- Born: David Troy December 1971 (age 54) Maryland, United States
- Education: Johns Hopkins University (BA, 1996)
- Occupations: Entrepreneur, investigative journalist, disinformation researcher, podcaster
- Years active: 1986–present
- Employer(s): America 2.0 (publisher and editor) 410 Labs (CEO)
- Known for: Research on disinformation and information warfare, curator of TEDxMidAtlantic, first developer to use the Twitter API
- Spouse: Married
- Children: 2
- Website: davetroy.com

= Dave Troy =

American entrepreneur, disinformation researcher, and investigative journalist

Dave Troy (born December 1971) is an American technology entrepreneur, disinformation researcher, and investigative journalist. In his investigative journalism he focuses on information warfare, extremism, and threats to democracy.

== Early life and education ==
Dave Troy grew up in Severna Park, a suburb of Baltimore. He was introduced to computers at the age of seven and began programming. In 1984, at the age of twelve, he launched his own bulletin board system (BBS), initially using his family's telephone line.

From 1985 to 1989, he attended the private college-preparatory Severn School in Severna Park. In 1996, he earned a bachelor's degree in liberal arts from Johns Hopkins University in Baltimore.

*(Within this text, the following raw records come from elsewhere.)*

(* Let $G$ be a connected bipartite graph with bipartition $(U,V)$, $|U|\ge|V|$. Let $V_W\subseteq V$ be the set of vertices of $V$ adjacent to a leaf, $\overline{V_W}=V\setminus V_W$, $U_L\subseteq U$ a set of leaves such that each $v\in V_W$ is adjacent to exactly one element of $U_L$ and $|U_L|=|V_W|$, and $\overline{U_L}=U\setminus U_L$. For $S\subseteq\overline{U_L}$ and $j\ge 1$ let $g_j(S)$ be the number of independent sets $\mathcal C$ of $G$ with $|\mathcal C|=j$ and $\mathcal C\cap\overline{U_L}=S$, and $g(S)=\sum_{j=1}^{\alpha(G)}(-1)^{j-1}g_j(S)$. Suppose $\overline{V_W}=\emptyset$. Then $g(S)=0$ for every nonempty $S\subseteq\overline{U_L}$, and $g(\emptyset)=0$ if $|V|$ is even, $g(\emptyset)=2$ if $|V|$ is odd.
   Context: A leaf is a vertex with exactly one neighbor. An independent set is a set of pairwise non-adjacent vertices; $\alpha(G)$ is the maximum size of one. *)

From mathcomp Require Import all_boot all_order all_algebra.
Set Implicit Arguments. Unset Strict Implicit. Unset Printing Implicit Defensive.
Import GRing.Theory Num.Theory.

(* A simple graph on a finite vertex type T is a symmetric irreflexive
   relation e : rel T. *)
Section Graph.
Variables (T : finType) (e : rel T).

Definition leaf (x : T) : bool := #|[set y | e x y]| == 1.

Definition independent (C : {set T}) : bool :=
  [forall x in C, forall y in C, ~~ e x y].

Definition alpha : nat := \max_(C : {set T} | independent C) #|C|.

Definition VW (V : {set T}) : {set T} :=
  [set v in V | [exists u, e v u && leaf u]].

Definition gj (Ubar S : {set T}) (j : nat) : nat :=
  #|[set C : {set T} | independent C && (#|C| == j) && (C :&: Ubar == S)]|.

Definition g (Ubar S : {set T}) : int :=
  (\sum_(1 <= j < alpha.+1) (-1) ^+ (j.-1) *+ gj Ubar S j)%R.

End Graph.

(* Write g(S) = [S = set0] - sum of (-1)^|C| over the independent sets C with
   C :&: Ubar = S.  Every v in V has a pendant neighbour l v in U_L, which lies
   outside V and Ubar.  Toggling l v, for v picked canonically in V :\: C (a set
   the toggle does not change), is therefore a sign-reversing involution of these
   independent sets that preserves C :&: Ubar.  Its fixed points contain V, and V
   is independent and dominating in the connected bipartite graph, so the only
   one is C = V, with V :&: Ubar = set0.  The signed sum is thus
   [S = set0] (-1)^|V|. *)

From mathcomp Require Import all_boot all_order all_algebra.
Set Implicit Arguments. Unset Strict Implicit. Unset Printing Implicit Defensive.
Import GRing.Theory Num.Theory.

Section SignReversingInvolution.
Local Open Scope ring_scope.

Lemma sum_sign_reversing_involution (R : numDomainType) (I : finType)
    (P : pred I) (F : I -> R) (f : I -> I) :
  involutive f -> (forall i, P i -> P (f i)) ->
  (forall i, P i -> f i != i -> F (f i) = - F i) ->
  \sum_(i | P i) F i = \sum_(i | P i && (f i == i)) F i.
Proof.
move=> fK Pf FfN; rewrite (bigID (fun i => f i == i)) /= addrC.
set X := (X in X + _); suff /eqP -> : X == 0 by rewrite add0r.
have Q_f i : (P (f i) && (f (f i) != f i)) = (P i && (f i != i)).
  apply/andP/andP => [[Pfi nfi] | [Pi nfi]]; last by rewrite Pf // fK eq_sym.
  by rewrite -[i]fK Pf // fK eq_sym.
rewrite -eqNr {2}/X (reindex_inj (inv_inj fK)) /= (eq_bigl _ _ Q_f) -sumrN.
by apply/eqP/eq_bigr => i /andP[Pi nfi]; rewrite FfN.
Qed.

End SignReversingInvolution.

Section Toggle.
Variable T : finType.

Definition toggle (x : T) (C : {set T}) : {set T} :=
  if x \in C then C :\ x else x |: C.

Lemma in_toggle x C y : (y \in toggle x C) = (y == x) (+) (y \in C).
Proof.
by rewrite /toggle; case: ifP => xC; rewrite !inE; case: eqP => [->|]; rewrite ?xC.
Qed.

Lemma toggleK x : involutive (toggle x).
Proof. by move=> C; apply/setP => y; rewrite !in_toggle addbA addbb. Qed.

Lemma toggle_id x C y : y != x -> (y \in toggle x C) = (y \in C).
Proof. by rewrite in_toggle => /negbTE ->. Qed.

Lemma sign_card_toggle (R : ringType) x C :
  ((-1) ^+ #|toggle x C| = - (-1) ^+ #|C| :> R)%R.
Proof.
rewrite /toggle; case: ifP => xC; last by rewrite cardsU1 xC exprS mulN1r.
by rewrite [in RHS](cardsD1 x C) xC exprS mulN1r opprK.
Qed.

End Toggle.

Section IndependentSets.
Variables (T : finType) (e : rel T).
Local Open Scope ring_scope.

Lemma independentP (C : {set T}) :
  reflect (forall x y, x \in C -> y \in C -> ~~ e x y) (independent e C).
Proof.
apply: (iffP forall_inP) => [indC x y xC yC | indC x xC].
  by move/forall_inP: (indC x xC); apply.
by apply/forall_inP => y yC; apply: indC.
Qed.

Lemma independent0 : independent e set0.
Proof. by apply/independentP => x y; rewrite inE. Qed.

Definition indep_sign_sum (W S : {set T}) : int :=
  \sum_(C : {set T} | independent e C && (C :&: W == S)) (-1) ^+ #|C|.

Lemma g_sign_sum_nonempty W S :
  g e W S = - \sum_(C : {set T} | independent e C && (C :&: W == S) && (C != set0))
                 (-1) ^+ #|C|.
Proof.
(* Split g_j by cardinality and exchange the sums: the sum over j then keeps
   only j = #|C|, which lies in [1, alpha] exactly when C is nonempty. *)
rewrite /g -sumrN.
have gjE j : (-1) ^+ j.-1 *+ gj e W S j =
    \sum_(C : {set T} | independent e C && (C :&: W == S))
      (if #|C| == j then (-1) ^+ #|C|.-1 else 0) :> int.
  rewrite -big_mkcondr /gj -sumr_const; apply: eq_big => C.
    by rewrite inE andbAC.
  by rewrite inE => /andP[/andP[_ /eqP ->] _].
under eq_bigr => j _ do rewrite gjE.
rewrite exchange_big [RHS]big_mkcondr /=; apply: eq_bigr => C /andP[indC _].
rewrite -big_mkcondr (eq_bigl _ _ (fun j => eq_sym _ _)) big_nat1_eq.
have le_alpha : (#|C| <= alpha e)%N.
  exact: (@leq_bigmax_cond _ (independent e) (fun C => #|C|)).
rewrite ltnS le_alpha andbT card_gt0; have [//|C_gt0] := eqVneq C set0.
by rewrite -card_gt0 in C_gt0; rewrite -[in RHS](prednK C_gt0) exprS mulN1r opprK.
Qed.

Lemma g_indep_sign_sum W S : g e W S = (S == set0)%:R - indep_sign_sum W S.
Proof.
rewrite g_sign_sum_nonempty /indep_sign_sum.
rewrite [in RHS](bigID (fun C : {set T} => C == set0)) /=.
have -> : \sum_(C : {set T} | independent e C && (C :&: W == S) && (C == set0))
    (-1) ^+ #|C| = (S == set0)%:R :> int.
  rewrite (eq_bigl (fun C => (S == set0) && (C == set0))) => [|C]; last first.
    by have [->|] := eqVneq C set0; rewrite ?andbF // independent0 set0I eq_sym.
  by case: (S == set0); [rewrite big_pred1_eq cards0 | rewrite big_pred0].
by rewrite opprD addrA subrr add0r.
Qed.

End IndependentSets.

Section PendantInvolution.
Variables (T : finType) (e : rel T).
Hypotheses (e_sym : symmetric e) (e_irr : irreflexive e).
Variables (V W : {set T}) (l : T -> T).
Hypothesis V_indep : independent e V.
Hypothesis V_dominating : forall x, x \notin V -> exists2 v, v \in V & e x v.
Hypothesis l_adj : {in V, forall v, e v (l v)}.
Hypothesis l_leaf : {in V, forall v, leaf e (l v)}.
Hypothesis l_notin_W : {in V, forall v, l v \notin W}.
Local Open Scope ring_scope.

Lemma pendant_notin_V v : v \in V -> l v \notin V.
Proof.
move=> vV; apply/negP => lvV.
by move/independentP: V_indep => /(_ v (l v) vV lvV); rewrite l_adj.
Qed.

Lemma pendant_nbr v y : v \in V -> e (l v) y -> y = v.
Proof.
move=> vV lvy; have /cards1P[x nbrE] := l_leaf vV.
have : y \in [set z | e (l v) z] by rewrite inE.
have : v \in [set z | e (l v) z] by rewrite inE e_sym l_adj.
by rewrite nbrE !inE => /eqP -> /eqP.
Qed.

Lemma setD_toggle_pendant v (C : {set T}) :
  v \in V -> V :\: toggle (l v) C = V :\: C.
Proof.
move=> vV; apply/setP => x; rewrite !inE.
have [xV|] := boolP (x \in V); last by rewrite !andbF.
by rewrite toggle_id //; apply: contraNneq (pendant_notin_V vV) => <-.
Qed.

Lemma setI_toggle_pendant v (C : {set T}) :
  v \in V -> toggle (l v) C :&: W = C :&: W.
Proof.
move=> vV; apply/setP => x; rewrite !inE.
have [xW|] := boolP (x \in W); last by rewrite !andbF.
by rewrite toggle_id //; apply: contraNneq (l_notin_W vV) => <-.
Qed.

Lemma independent_toggle_pendant v (C : {set T}) :
  v \in V -> v \notin C -> independent e C -> independent e (toggle (l v) C).
Proof.
move=> vV vC /independentP indC.
have lv_free z : z \in toggle (l v) C -> ~~ e (l v) z.
  have [-> _|zl] := eqVneq z (l v); first by rewrite e_irr.
  by rewrite toggle_id // => zC; apply: contraNN vC => /(pendant_nbr vV) <-.
apply/independentP => x y xC yC.
have [xl|xl] := eqVneq x (l v); first by rewrite xl lv_free.
have [yl|yl] := eqVneq y (l v); first by rewrite yl e_sym lv_free.
by rewrite toggle_id // in xC; rewrite toggle_id // in yC; apply: indC.
Qed.

Lemma independent_supset_dominating (C : {set T}) :
  independent e C -> V \subset C -> C = V.
Proof.
move=> /independentP indC VC; apply/eqP; rewrite eqEsubset VC andbT.
apply/subsetP => x xC; apply/negPn/negP => /V_dominating[v vV xv].
by have := indC x v xC (subsetP VC v vV); rewrite xv.
Qed.

Definition pendant_flip (C : {set T}) : {set T} :=
  if [pick v in V :\: C] is Some v then toggle (l v) C else C.

Variant pendant_flip_spec (C : {set T}) : {set T} -> Prop :=
  | PendantFlipFixed of V \subset C : pendant_flip_spec C C
  | PendantFlipToggle v of [pick x in V :\: C] = Some v & v \in V & v \notin C :
      pendant_flip_spec C (toggle (l v) C).

Lemma pendant_flipP C : pendant_flip_spec C (pendant_flip C).
Proof.
rewrite /pendant_flip; case pickC: [pick x in V :\: C] => [v|].
  have : v \in V :\: C by move: pickC; case: pickP => // x + [<-].
  by rewrite inE => /andP[vC vV]; apply: PendantFlipToggle.
apply: PendantFlipFixed; apply/subsetP => x xV; apply/negPn/negP => xC.
by move: pickC; case: pickP => // /(_ x); rewrite inE xC xV.
Qed.

Lemma pendant_flipK : involutive pendant_flip.
Proof.
move=> C; case: (pendant_flipP C) => [VC|v pickC vV vC].
  by case: (pendant_flipP C) => // v _ vV; rewrite (subsetP VC v vV).
by rewrite /pendant_flip setD_toggle_pendant // pickC toggleK.
Qed.

Lemma pendant_flip_fixed C : (pendant_flip C == C) = (V \subset C).
Proof.
case: pendant_flipP => [->|v _ vV vC]; first by rewrite eqxx.
have -> : (V \subset C) = false by apply: contraNF vC => /subsetP; apply.
apply/negbTE/eqP => /setP/(_ (l v)).
by rewrite in_toggle eqxx; case: (_ \in C).
Qed.

Lemma indep_sign_sum_pendant S :
  indep_sign_sum e W S = (S == V :&: W)%:R * (-1) ^+ #|V|.
Proof.
rewrite /indep_sign_sum (sum_sign_reversing_involution pendant_flipK); first last.
- move=> C _; case: pendant_flipP => [_|v _ _ _ _]; first by rewrite eqxx.
  exact: sign_card_toggle.
- move=> C /andP[indC /eqP CW]; case: pendant_flipP => [_|v _ vV vC].
    by rewrite indC CW eqxx.
  by rewrite independent_toggle_pendant // setI_toggle_pendant // CW eqxx.
rewrite (eq_bigl (fun C => (S == V :&: W) && (C == V))) => [|C]; last first.
  rewrite pendant_flip_fixed; apply/idP/idP => [/andP[/andP[indC /eqP <-] VC]|].
    by rewrite (independent_supset_dominating indC VC) !eqxx.
  by case/andP=> /eqP -> /eqP ->; rewrite V_indep !eqxx subxx.
by case: (S == _); rewrite ?big_pred1_eq ?mul1r ?big_pred0 ?mul0r.
Qed.

End PendantInvolution.

Lemma connected_has_nbr (T : finType) (e : rel T) :
  (forall x y, connect e x y) -> 1 < #|T| -> forall x, exists y, e x y.
Proof.
move=> conn T_gt1 x.
have /card_gt0P[y] : 0 < #|[set~ x]| by rewrite cardsC1 -subn1 subn_gt0.
rewrite !inE => yx; case/connectP: (conn x y) => -[/= _ yE|z p /= /andP[xz _] _].
  by rewrite yE eqxx in yx.
by exists z.
Qed.

Section Bipartite.
Variables (T : finType) (e : rel T) (U V : {set T}).
Hypothesis UV_disj : [disjoint U & V].
Hypothesis bip :
  forall x y, e x y -> ((x \in U) && (y \in V)) || ((x \in V) && (y \in U)).

Lemma bipartite_independent : independent e V.
Proof.
apply/independentP => x y xV yV; apply/negP => /bip.
by rewrite (disjointFl UV_disj xV) (disjointFl UV_disj yV) !andbF.
Qed.

Lemma bipartite_dominating :
  U :|: V = setT -> (forall x, exists y, e x y) ->
  forall x, x \notin V -> exists2 v, v \in V & e x v.
Proof.
move=> UV_cover nbr x xV; have [y xy] := nbr x; exists y => //.
have : x \in U :|: V by rewrite UV_cover inE.
by rewrite inE (negbTE xV) orbF => xU; move/bip: xy; rewrite xU (negbTE xV) /= orbF.
Qed.

End Bipartite.

Theorem lemma5p6 (T : finType) (e : rel T)
  (e_sym : symmetric e) (e_irr : irreflexive e)
  (G_conn : forall x y : T, connect e x y)
  (G_nontriv : 1 < #|T|)
  (U V : {set T})
  (UV_disj : [disjoint U & V]) (UV_cover : U :|: V = setT)
  (bip : forall x y, e x y -> ((x \in U) && (y \in V)) || ((x \in V) && (y \in U)))
  (UgeV : #|V| <= #|U|)
  (UL : {set T}) (UL_sub : UL \subset U)
  (UL_leaf : forall u, u \in UL -> leaf e u)
  (UL_match : forall v, v \in VW e V -> #|[set u in UL | e v u]| = 1)
  (UL_card : #|UL| = #|VW e V|)
  (VWbar_empty : V :\: VW e V = set0) :
  (forall S : {set T}, S \subset U :\: UL -> S != set0 -> g e (U :\: UL) S = 0%R) /\
  g e (U :\: UL) set0 = (if odd #|V| then 2 else 0)%R.
Proof.
pose l v := odflt v [pick u in UL | e v u].
have l_spec : {in V, forall v, (l v \in UL) && e v (l v)}.
  move=> v vV; rewrite /l; case: pickP => [u /andP[-> ->] //|none].
  have vVW : v \in VW e V.
    by move/eqP: VWbar_empty; rewrite setD_eq0 => /subsetP; apply.
  have /card_gt0P[u] : 0 < #|[set u in UL | e v u]| by rewrite UL_match.
  by rewrite inE none.
have sign_sum S : indep_sign_sum e (U :\: UL) S = ((S == set0)%:R * (-1) ^+ #|V|)%R.
  have VUbar : V :&: (U :\: UL) = set0.
    apply/eqP; rewrite -subset0 -(disjoint_setI0 UV_disj) setIC.
    by rewrite setSI // subsetDl.
  rewrite -VUbar; apply: (indep_sign_sum_pendant (l := l) e_sym e_irr).
  - exact: bipartite_independent UV_disj bip.
  - exact: bipartite_dominating bip UV_cover (connected_has_nbr G_conn G_nontriv).
  - by move=> v /l_spec /andP[].
  - by move=> v /l_spec /andP[/UL_leaf].
  - by move=> v /l_spec /andP[lvUL _]; rewrite inE lvUL.
split => [S _ S_neq0|]; rewrite g_indep_sign_sum sign_sum.
  by rewrite (negbTE S_neq0) mul0r subrr.
by rewrite eqxx mul1r -signr_odd; case: (odd #|V|).
Qed.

In a 1990 interview concerning his business activities, he stated that he had become a Republican, although he described himself as a liberal and preferred to characterize himself as a free-market idealist.

== Business career ==
In 1986, during his sophomore year of high school, Troy co-founded Toad Computers with a friend at the age of 14. The company specialized in mail-order sales of Atari ST computers. In 1995, he founded ToadNet, which became a leading regional provider of Internet access and hosting services. He sold the successful company in 2004. Beginning in 2003, he worked on open-source projects and large-scale voice over IP and call-center systems.

In 2007, he launched Twittervision and Flickrvision, projects for visualizing data from social media. Twittervision was officially recognized as the first application to use the Twitter API. Both projects were included in the 2008 exhibition Design and the Elastic Mind at the Museum of Modern Art in New York City.

In 2008, he created Twitter Vote Report, a platform that enabled voters to report polling-place wait times and irregularities through digital and mobile channels during the U.S. presidential election. Developed with volunteers, it was promoted by media outlets including NPR and attracted widespread public participation.

He became a coordinator and promoter of Baltimore's technology scene. In 2009, he co-founded Beehive Baltimore, the city's first coworking space, and the angel investment group Baltimore Angels. That same year, he co-founded the TEDxMidAtlantic conference, for which he serves as curator. In 2010, he co-founded the technology company 410 Labs, where he serves as CEO and product architect.

== Research and investigative journalism ==
Since 2007, Troy has conducted systematic analysis of social media data. His research spans the fields of sociology, network science, and political science. As part of the Future Frontlines program at the New America Foundation, he was particularly involved in research into events related to the January 6 attack on the United States Capitol in 2021.

His investigative journalism focuses on threats to democracy, information warfare, extremism, and the historical context of contemporary political developments. In November 2024, he founded the independent investigative platform America 2.0 where he serves as its publisher and editor-in-chief. He writes "The Wide Angle" column for the American digital magazine Washington Spectator and contributes to investigative media outlets such as the British Byline Times.

He speaks at conferences including TED and TEDx, and appears in the media and on investigative podcasts. Since 2022, he has hosted the podcast Dave Troy Presents.

== Personal life ==
Dave Troy lives in Baltimore. He is married and has two adult children. He is a certified private pilot.